* _EXTRACTED ENTRIES_:

• • • • •

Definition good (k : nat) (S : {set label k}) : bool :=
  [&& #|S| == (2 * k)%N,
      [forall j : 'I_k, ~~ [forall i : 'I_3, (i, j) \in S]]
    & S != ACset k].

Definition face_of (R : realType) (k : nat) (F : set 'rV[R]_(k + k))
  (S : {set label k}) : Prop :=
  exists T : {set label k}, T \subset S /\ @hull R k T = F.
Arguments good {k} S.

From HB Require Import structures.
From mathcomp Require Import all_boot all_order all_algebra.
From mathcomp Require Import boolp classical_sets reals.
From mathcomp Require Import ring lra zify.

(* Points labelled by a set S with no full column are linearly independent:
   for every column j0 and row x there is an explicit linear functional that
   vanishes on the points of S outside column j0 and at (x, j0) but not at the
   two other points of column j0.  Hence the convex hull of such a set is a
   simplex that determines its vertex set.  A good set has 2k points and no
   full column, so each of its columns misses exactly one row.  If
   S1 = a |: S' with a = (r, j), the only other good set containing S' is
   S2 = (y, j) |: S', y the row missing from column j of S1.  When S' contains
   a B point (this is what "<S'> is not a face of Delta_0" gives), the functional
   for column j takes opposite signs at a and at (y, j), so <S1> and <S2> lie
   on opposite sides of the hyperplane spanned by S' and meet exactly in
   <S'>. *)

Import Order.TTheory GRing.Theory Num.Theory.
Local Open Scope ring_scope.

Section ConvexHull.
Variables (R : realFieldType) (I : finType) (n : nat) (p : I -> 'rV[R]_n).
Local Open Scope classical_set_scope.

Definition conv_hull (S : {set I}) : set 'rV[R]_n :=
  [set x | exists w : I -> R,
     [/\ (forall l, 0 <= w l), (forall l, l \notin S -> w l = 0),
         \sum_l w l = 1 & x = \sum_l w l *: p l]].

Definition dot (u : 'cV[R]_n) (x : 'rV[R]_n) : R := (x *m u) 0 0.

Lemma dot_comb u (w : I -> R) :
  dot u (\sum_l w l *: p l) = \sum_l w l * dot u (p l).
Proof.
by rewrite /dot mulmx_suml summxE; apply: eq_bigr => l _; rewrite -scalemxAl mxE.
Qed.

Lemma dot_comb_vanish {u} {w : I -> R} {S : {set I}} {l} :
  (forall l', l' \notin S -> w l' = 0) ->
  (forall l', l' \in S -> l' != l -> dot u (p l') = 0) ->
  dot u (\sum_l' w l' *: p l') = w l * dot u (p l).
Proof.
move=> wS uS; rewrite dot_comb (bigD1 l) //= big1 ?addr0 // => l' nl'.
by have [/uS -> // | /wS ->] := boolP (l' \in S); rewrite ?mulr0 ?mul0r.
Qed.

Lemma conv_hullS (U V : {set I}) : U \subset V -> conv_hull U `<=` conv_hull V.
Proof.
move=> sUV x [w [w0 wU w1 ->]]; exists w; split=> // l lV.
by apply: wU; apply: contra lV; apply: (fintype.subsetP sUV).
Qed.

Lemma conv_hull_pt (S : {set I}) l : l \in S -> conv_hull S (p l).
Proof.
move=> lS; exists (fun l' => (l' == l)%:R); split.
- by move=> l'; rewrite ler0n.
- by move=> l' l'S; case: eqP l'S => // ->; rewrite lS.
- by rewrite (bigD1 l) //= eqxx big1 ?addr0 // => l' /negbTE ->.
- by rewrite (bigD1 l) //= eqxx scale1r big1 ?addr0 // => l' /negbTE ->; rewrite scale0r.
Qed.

• • • • •

* _WORK REQUIRED_: Every record above should be copied exactly.

* _YOUR RESPONSE_:
Definition good (k : nat) (S : {set label k}) : bool :=
  [&& #|S| == (2 * k)%N,
      [forall j : 'I_k, ~~ [forall i : 'I_3, (i, j) \in S]]
    & S != ACset k].

Definition face_of (R : realType) (k : nat) (F : set 'rV[R]_(k + k))
  (S : {set label k}) : Prop :=
  exists T : {set label k}, T \subset S /\ @hull R k T = F.
Arguments good {k} S.

From HB Require Import structures.
From mathcomp Require Import all_boot all_order all_algebra.
From mathcomp Require Import boolp classical_sets reals.
From mathcomp Require Import ring lra zify.

(* Points labelled by a set S with no full column are linearly independent:
   for every column j0 and row x there is an explicit linear functional that
   vanishes on the points of S outside column j0 and at (x, j0) but not at the
   two other points of column j0.  Hence the convex hull of such a set is a
   simplex that determines its vertex set.  A good set has 2k points and no
   full column, so each of its columns misses exactly one row.  If
   S1 = a |: S' with a = (r, j), the only other good set containing S' is
   S2 = (y, j) |: S', y the row missing from column j of S1.  When S' contains
   a B point (this is what "<S'> is not a face of Delta_0" gives), the functional
   for column j takes opposite signs at a and at (y, j), so <S1> and <S2> lie
   on opposite sides of the hyperplane spanned by S' and meet exactly in
   <S'>. *)

Import Order.TTheory GRing.Theory Num.Theory.
Local Open Scope ring_scope.

Section ConvexHull.
Variables (R : realFieldType) (I : finType) (n : nat) (p : I -> 'rV[R]_n).
Local Open Scope classical_set_scope.

Definition conv_hull (S : {set I}) : set 'rV[R]_n :=
  [set x | exists w : I -> R,
     [/\ (forall l, 0 <= w l), (forall l, l \notin S -> w l = 0),
         \sum_l w l = 1 & x = \sum_l w l *: p l]].

Definition dot (u : 'cV[R]_n) (x : 'rV[R]_n) : R := (x *m u) 0 0.

Lemma dot_comb u (w : I -> R) :
  dot u (\sum_l w l *: p l) = \sum_l w l * dot u (p l).
Proof.
by rewrite /dot mulmx_suml summxE; apply: eq_bigr => l _; rewrite -scalemxAl mxE.
Qed.

Lemma dot_comb_vanish {u} {w : I -> R} {S : {set I}} {l} :
  (forall l', l' \notin S -> w l' = 0) ->
  (forall l', l' \in S -> l' != l -> dot u (p l') = 0) ->
  dot u (\sum_l' w l' *: p l') = w l * dot u (p l).
Proof.
move=> wS uS; rewrite dot_comb (bigD1 l) //= big1 ?addr0 // => l' nl'.
by have [/uS -> // | /wS ->] := boolP (l' \in S); rewrite ?mulr0 ?mul0r.
Qed.

Lemma conv_hullS (U V : {set I}) : U \subset V -> conv_hull U `<=` conv_hull V.
Proof.
move=> sUV x [w [w0 wU w1 ->]]; exists w; split=> // l lV.
by apply: wU; apply: contra lV; apply: (fintype.subsetP sUV).
Qed.

Lemma conv_hull_pt (S : {set I}) l : l \in S -> conv_hull S (p l).
Proof.
move=> lS; exists (fun l' => (l' == l)%:R); split.
- by move=> l'; rewrite ler0n.
- by move=> l' l'S; case: eqP l'S => // ->; rewrite lS.
- by rewrite (bigD1 l) //= eqxx big1 ?addr0 // => l' /negbTE ->.
- by rewrite (bigD1 l) //= eqxx scale1r big1 ?addr0 // => l' /negbTE ->; rewrite scale0r.
Qed.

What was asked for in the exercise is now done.